A little to the south, in the Swat valley, the fighting goes on between the Taliban and government forces. This is a fight to the death, as the Taliban are determined to turn the Swat valley into an Islamic radical stronghold. The government won't allow it, and the fighting will go on until all the local Taliban (several thousand militants) are killed or driven out.

In Kashmir, India, two months of violence over a land dispute (many Hindu holy places are in the area, which has a majority Moslem population) have left over three dozen dead. The Moslems have been expelling the Hindus for centuries, and this has accelerated in the last two decades, since Pakistan decided to back Islamic terrorism efforts to take Kashmir from India. This effort has largely been defeated, but the Moslem hostility to other religions, especially Hinduism, remains. There have been massive crowds of Moslems coming out in Kashmir, to block the expansion of a Hindu shrine. Equally large demonstrations are taking place in the Indian capital, as Hindus pressure their government to resist the Moslems.

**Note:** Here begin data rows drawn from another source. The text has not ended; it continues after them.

Lemma Ustar_eq tau : Ustar U rb tau = tau * r tau - U (r tau).
Proof.
set S := [set tau * x - U x | x in `[0, rb]].
have lbS : lbound S (tau * r tau - U (r tau)).
  by move=> _ [x /= x_in <-]; move: x_in; rewrite in_itv => /(r_max tau); lra.
have Sr : S (tau * r tau - U (r tau)) by exists (r tau); rewrite /= ?in_itv ?r_in.
apply/le_anti; rewrite (lb_le_inf (ex_intro _ _ Sr) lbS) andbT.
by apply: ge_inf; [exists (tau * r tau - U (r tau)) | ].
Qed.

Lemma Ustar_le tau x : 0 <= x <= rb -> Ustar U rb tau <= tau * x - U x.
Proof. by rewrite Ustar_eq => /(r_max tau); lra. Qed.

Lemma is_derive_Ustar tau : {for tau, continuous r} ->
  is_derive tau 1 (Ustar U rb) (r tau).
Proof.
move=> r_cont; apply: is_derive_supergradient => // z.
have := Ustar_le z _ (r_in tau); have := Ustar_le tau _ (r_in z).
by rewrite !Ustar_eq => ? ?; apply/andP; split; lra.
Qed.
End ConcaveConjugate.

Section Price.
Context {R : realType} {T c : R}.
Hypotheses (T_gt0 : 0 < T) (c_gt0 : 0 < c).
Implicit Types v : R.

Lemma mu_of_le v : v <= c -> mu_of T c v = 0.
Proof. by rewrite /mu_of => ->. Qed.

Lemma mu_of_ge v : c <= v -> mu_of T c v = T * (1 - c / v).
Proof.
rewrite /mu_of; case: ifP => // v_le_c c_le_v.
by rewrite (@le_anti _ _ v c) ?v_le_c // divff ?gt_eqF // subrr mulr0.
Qed.

Lemma mu_of_max v : mu_of T c v = T * (1 - c / Num.max v c).
Proof.
case: (leP v c) => [v_le_c|c_lt_v]; last by rewrite mu_of_ge ?ltW.
by rewrite mu_of_le // divff ?gt_eqF // subrr mulr0.
Qed.

Lemma mu_of_ge0 v : 0 <= mu_of T c v.
Proof.
have max_gt0 : 0 < Num.max v c by rewrite lt_max c_gt0 orbT.
rewrite mu_of_max; apply: mulr_ge0; first exact: ltW.
by rewrite subr_ge0 ler_pdivrMr // mul1r le_max lexx orbT.
Qed.

Lemma mu_of_lt v : mu_of T c v < T.
Proof.
have max_gt0 : 0 < Num.max v c by rewrite lt_max c_gt0 orbT.
by rewrite mu_of_max gtr_pMr // ltrBlDr ltrDl divr_gt0.
Qed.

Lemma mu_of_le_dist v : mu_of T c v <= T / c * `|v - c|.
Proof.
case: (leP v c) => [v_le_c|c_lt_v].
  by rewrite mu_of_le // mulr_ge0 // divr_ge0 // ltW.
have v_gt0 : 0 < v by apply: lt_trans c_lt_v.
rewrite mu_of_ge ?(ltW c_lt_v) // gtr0_norm ?subr_gt0 // -subr_ge0.
have -> : T / c * (v - c) - T * (1 - c / v) = T * (v - c) ^+ 2 / (c * v).
  by field; rewrite !gt_eqF.
by rewrite divr_ge0 // mulr_ge0 ?sqr_ge0 // ltW.
Qed.

Lemma continuous_mu_of : continuous (mu_of T c).
Proof.
move=> v; rewrite (_ : mu_of T c = fun v => T * (1 - c / Num.max v c)).
  have max_gt0 : 0 < Num.max v c by rewrite lt_max c_gt0 orbT.
  apply: cvgM (cvg_cst _) (cvgB (cvg_cst _) (cvgM (cvg_cst _) (cvgV (lt0r_neq0 max_gt0) _))).
  exact: continuous_max cvg_id (cvg_cst _).
by apply/funext => w; rewrite mu_of_max.
Qed.

Lemma div_sub_mu_of v : c <= v -> c / (T - mu_of T c v) = v / T.
Proof.
move=> c_le_v; have v_gt0 : 0 < v by apply: lt_le_trans c_le_v.
rewrite mu_of_ge //; field.
have -> : T * v - T * (v - c) = T * c by ring.
by rewrite !gt_eqF ?mulr_gt0.
Qed.

End Price.

Section DualFunction.
Context {R : realType} {n m : nat} {eps T : R} {c : 'I_n -> R} {kappa : 'I_m -> 'I_n -> R}
  {rbar : 'I_m -> R} {p U : 'I_m -> R -> R}.
Hypotheses (n_gt0 : (0 < n)%N) (eps_gt0 : 0 < eps) (T_gt0 : 0 < T)
  (rbar_ge0 : forall i, 0 <= rbar i) (p_range : forall i tau, 0 <= p i tau <= 1)
  (p_cont : forall i, continuous (p i))
  (U_max : forall i tau x, 0 <= x <= rbar i ->
      U i x - tau * x <= U i (rbar i * p i tau) - tau * (rbar i * p i tau)).

Lemma sum_expR_gt0 (a : 'I_n -> R) : 0 < \sum_(j < n) expR (a j).
Proof.
rewrite (bigD1 (Ordinal n_gt0)) //= ltr_wpDr ?expR_gt0 //.
by rewrite sumr_ge0 // => j _; rewrite expR_ge0.
Qed.

Lemma is_derive_phi_eps (i : 'I_m) {f : 'I_n -> R -> R} {df : 'I_n -> R} {s : R} :
  (forall j, is_derive s 1 (f j) (df j)) ->
  is_derive s 1 (fun y => phi_eps eps kappa i (fun j => f j y))
    (\sum_(j < n) delta_eps eps kappa i j (fun j => f j s) * df j).
Proof.
move=> f_df.
have de j : is_derive s 1 (fun y => expR (- (kappa i j + f j y) / eps))
    (expR (- (kappa i j + f j s) / eps) * (- df j / eps)).
  apply: is_derive_eq (is_derive1_comp (is_derive_expR _)
    (is_deriveM (is_deriveN (is_deriveD (is_derive_cst (kappa i j) s 1) (f_df j)))
       (is_derive_cst eps^-1 s 1))) _.
  by rewrite scaler0 !add0r; congr (_ * _); exact: mulrC.
have E_gt0 := sum_expR_gt0 (fun j => - (kappa i j + f j s) / eps).
apply: (is_derive_eq (is_deriveZ (- eps)
  (is_derive1_comp (is_derive1_ln E_gt0) (is_derive_sumr de)))).
have eps0 := lt0r_neq0 eps_gt0; have E0 := lt0r_neq0 E_gt0.
rewrite mulr_sumr scaler_sumr; apply: eq_bigr => j _; rewrite /delta_eps.
by rewrite /GRing.scale /=; field; rewrite E0 eps0.
Qed.

Definition arrival (mu : 'I_n -> R) (j : 'I_n) :=
  \sum_(i < m) rbar i * p i (phi_eps eps kappa i mu) * delta_eps eps kappa i j mu.

Definition dual_grad (mu : 'I_n -> R) (j : 'I_n) := arrival mu j - c j / (T - mu j).

Lemma rbar_p_in i tau : 0 <= rbar i * p i tau <= rbar i.
Proof.
have /andP[p0 p1] := p_range i tau.
by rewrite mulr_ge0 //= ler_piMr.
Qed.

Lemma is_derive_Dual {f : 'I_n -> R -> R} {df : 'I_n -> R} {s : R} :
  (forall j, is_derive s 1 (f j) (df j)) -> (forall j, f j s < T) ->
  is_derive s 1 (fun y => Dual eps T c kappa rbar U (fun j => f j y))
    (\sum_(j < n) df j * dual_grad (fun j => f j s) j).
Proof.
move=> f_df f_lt_T; set mu := fun j => f j s.
have dU i : is_derive s 1
    (fun y => Ustar (U i) (rbar i) (phi_eps eps kappa i (fun j => f j y)))
    (rbar i * p i (phi_eps eps kappa i mu) *
      \sum_(j < n) delta_eps eps kappa i j mu * df j).
  have r_cont : {for phi_eps eps kappa i mu, continuous (fun tau => rbar i * p i tau)}.
    exact: cvgM (cvg_cst _) (p_cont i _).
  exact: (is_derive1_comp (g := fun y => phi_eps eps kappa i (fun j => f j y))
    (is_derive_Ustar (rbar_p_in i) (U_max i) _ r_cont) (is_derive_phi_eps i f_df)).
have dL j : is_derive s 1 (fun y => c j * ln (1 - f j y / T))
    (- c j * df j / (T - mu j)).
  have pos : 0 < 1 - mu j / T by rewrite subr_gt0 ltr_pdivrMr // mul1r; exact: f_lt_T.
  apply: (is_derive_eq (is_deriveZ (c j) (is_derive1_comp (g := fun y => 1 - f j y / T)
    (is_derive1_ln pos)
    (is_deriveB (is_derive_cst (1 : R) s 1) (is_deriveM (f_df j) (is_derive_cst T^-1 s 1)))))).
  rewrite /GRing.scale /=.
  have T0 := lt0r_neq0 T_gt0; have TmuT : T - mu j != 0 by rewrite subr_eq0 gt_eqF ?f_lt_T.
  by field; rewrite TmuT T0.
apply: (is_derive_eq (is_deriveD (is_derive_sumr dU) (is_derive_sumr dL))).
rewrite /dual_grad /arrival; under [RHS]eq_bigr do rewrite mulrBr.
rewrite sumrB -sumrN; congr (_ + _); last by apply: eq_bigr => j _; ring.
under [RHS]eq_bigr do rewrite mulr_sumr.
rewrite exchange_big /=; apply: eq_bigr => i _.
by rewrite mulr_sumr; apply: eq_bigr => j _; ring.
Qed.

Lemma cvg_Dual {X : Type} (F : set_system X) {FF : Filter F}
    (g : 'I_n -> X -> R) (l : 'I_n -> R) :
  (forall j, g j @ F --> l j) -> (forall j, l j < T) ->
  Dual eps T c kappa rbar U (fun j => g j x) @[x --> F] --> Dual eps T c kappa rbar U l.
Proof.
move=> gl l_lt_T; apply: cvgD; apply: cvg_big => [|k _]; try exact: add_continuous.
- have r_cont : continuous (fun tau => rbar k * p k tau).
    by move=> tau; exact: cvgM (cvg_cst _) (p_cont k _).
  apply: (continuous_cvg _ (is_derive_continuous
    (is_derive_Ustar (rbar_p_in k) (U_max k) _ (r_cont _)))).
  apply: cvgM (cvg_cst _) _.
  apply: (continuous_cvg _ (continuous_ln (sum_expR_gt0 _))).
  apply: cvg_big => [|j _]; first exact: add_continuous.
  apply: (continuous_cvg _ (@continuous_expR R _)).
  exact: cvgM (cvgN (cvgD (cvg_cst _) (gl j))) (cvg_cst _).
- apply: cvgM (cvg_cst _) _.
  have pos : 0 < 1 - l k / T by rewrite subr_gt0 ltr_pdivrMr // mul1r.
  apply: (continuous_cvg _ (continuous_ln pos)).
  exact: cvgB (cvg_cst _) (cvgM (gl k) (cvg_cst _)).
Qed.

In Baluchistan (southwest Pakistan), tribal separatists killed five government officials they kidnapped two weeks ago. The government refused to exchange the captives for imprisoned tribal rebels.

A small bomb went off in the Pakistani port city of Karachi, killing two people.

August 22, 2008: Sixty people were killed by a Taliban suicide bomber, who attacked the entrance to Pakistan's main weapons factory, just as the shifts were changing. This sort of thing doesn't terrorize Pakistanis, but infuriates them, mobilizing more armed resistance to Islamic radicalism.

August 18, 2008: Pakistani president Pervez Musharraf resigned under pressure. Musharraf took control of the government in 1999 via a military coup. At the time, he was the head of the military, and feuding with the elected head of the government, who tried to replace Musharraf because of insubordination. Throughout Pakistan's 60 year history, elected and military governments have alternated. That's because the elected governments tend to be disorganized and corrupt, while the military governments  are dictatorships, and nearly as corrupt. When the generals become too unpopular, they allow themselves to be replaced by elected leaders. But eventually, the generals return. The military is a major, and powerful, institution in Pakistan. It maintains this power by playing on fears that India wants to take over Pakistan and incorporate it into India. Few Indians want to do this, but the idea is more accepted, and feared, in Pakistan. This has kept the Pakistani military free from civilian interference. And free to take over when they feel the politicians have gone too far.

In Pakistan's northwest border area, a suicide bomber killed 27 people when his explosives were set off at the emergency entrance to a hospital. The attacker appeared to be a Sunni terrorist attacking Shia who had gathered at the hospital entrance to pay respect to a Shia leader who had been shot dead the day before.